On May 6, 2011, at 1:39 PM, Tomas Vondra wrote:

> Anyway I'd recommend to start with the eager approach, it's much easier
> to implement. You can implement the lazy approach later, if you find out
> it's needed.

With the eager approach, I think I'm too likely to get write conflicts. Thanks for the reference to the paper, I believe that's what I was looking for.

> And you should strive to use HOT feature (if you're on >= 8.4),
> especially with the eager approach - it often does a lot of updates and
> leads to bloat of the aggregated table. So decrease the fillfactor and
> do not index the columns that are updated by the triggers.

See, that's the kind of info I'm looking for ;-)

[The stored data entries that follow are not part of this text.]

Lemma unique_circle_max : nondegenerate a b f n ->
  exists i j : nat,
    ((i <= n)%nat /\ (j <= n)%nat /\ U (gx a n i) (gy b n j) /\
     maximal_in_circle a b f n radius i j) /\
    (forall i' j' : nat,
       (i' <= n)%nat -> (j' <= n)%nat -> U (gx a n i') (gy b n j') ->
       maximal_in_circle a b f n radius i' j' -> i' = i /\ j' = j).
Proof.
  intros Hnd.
  destruct exists_circle_max as [i [j [Hi [Hj [HU Hmax]]]]].
  exists i, j. destruct (grid_vertex i j) as [-> ->]. split; [tauto|].
  intros i' j' Hi' Hj' HU' Hmax'. destruct (grid_vertex i' j') as [Ei Ej]. rewrite Ei, Ej in HU'.
  eapply circle_max_unique; eassumption.
Qed.

End Grid.

Lemma eventually_unique_circle_max :
  exists (U : R -> R -> Prop) (r : R),
    nbhd U px py /\ r > 0 /\
    exists N : nat, forall n : nat, (N <= n)%nat -> (1 <= n)%nat ->
      nondegenerate a b f n ->
      exists i j : nat,
        ((i <= n)%nat /\ (j <= n)%nat /\ U (gx a n i) (gy b n j) /\
         maximal_in_circle a b f n r i j) /\
        (forall i' j' : nat,
           (i' <= n)%nat -> (j' <= n)%nat -> U (gx a n i') (gy b n j') ->
           maximal_in_circle a b f n r i' j' -> i' = i /\ j' = j).
Proof.
  destruct grid_constants_pos as [Hρ [Hnear [Hstep [Hbest Hr]]]].
  exists U, radius. split; [|split; [exact Hr|]].
  { exists (δ / 4). split; [lra|]. intros x y Hxy. split.
    - rewrite Rabs_minus_sym. eapply Rle_lt_trans; [apply Rabs_le_dist2_x | exact Hxy].
    - rewrite Rabs_minus_sym. eapply Rle_lt_trans; [apply Rabs_le_dist2_y | exact Hxy]. }
  set (C := (radius + c_near + c_best) * Rmax a b).
  assert (HC : 0 < C)
    by (apply Rmult_lt_0_compat; [unfold c_near, c_best in *; lra | unfold Rmax; destruct Rle_dec; lra]).
  destruct (INR_unbounded (4 * C / δ)) as [N HN].
  exists N. intros n HNn Hn. apply unique_circle_max; [exact Hn|].
  assert (Hn0 : 0 < INR n) by (apply lt_0_INR; lia).
  assert (INR N <= INR n) by (apply le_INR; exact HNn).
  replace ((radius + c_near + c_best) * (Rmax a b / INR n)) with (C / INR n) by (unfold C; field; lra).
  apply (Rmult_lt_reg_r (INR n * (4 / δ))); [apply Rmult_lt_0_compat; [lra | apply Rdiv_lt_0_compat; lra]|].
  replace (C / INR n * (INR n * (4 / δ))) with (4 * C / δ) by (field; lra).
  replace (δ / 4 * (INR n * (4 / δ))) with (INR n) by (field; lra).
  lra.
Qed.

End NondegenerateMaximum.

On May 6, 2011, at 1:59 PM, Andrew Sullivan wrote:

> If the WHERE clause is fairly selective and indexed, that should be
> fast. Not as fast as estimates based on trigger-written values in
> another table, of course, but reasonably fast. So the first order of
> business is usually to find or create indexes that will make SELECT on
> the same criteria fast.

In this case, it depends on the result of a pretty complex join that involves some gnarly time calculations, and finding the unmatched rows from one side of an outer join. I really don't think there's a way to optimize the straight-up query to be faster than it is, I looked at that for a good long time, explain/analyze and all. Postgres is using the appropriate index to narrow things down as much as it can at the very beginning, it just then has to perform a heck of a lot of work to finish the join... And it's not taking ***that*** long--it's just that I want it faster!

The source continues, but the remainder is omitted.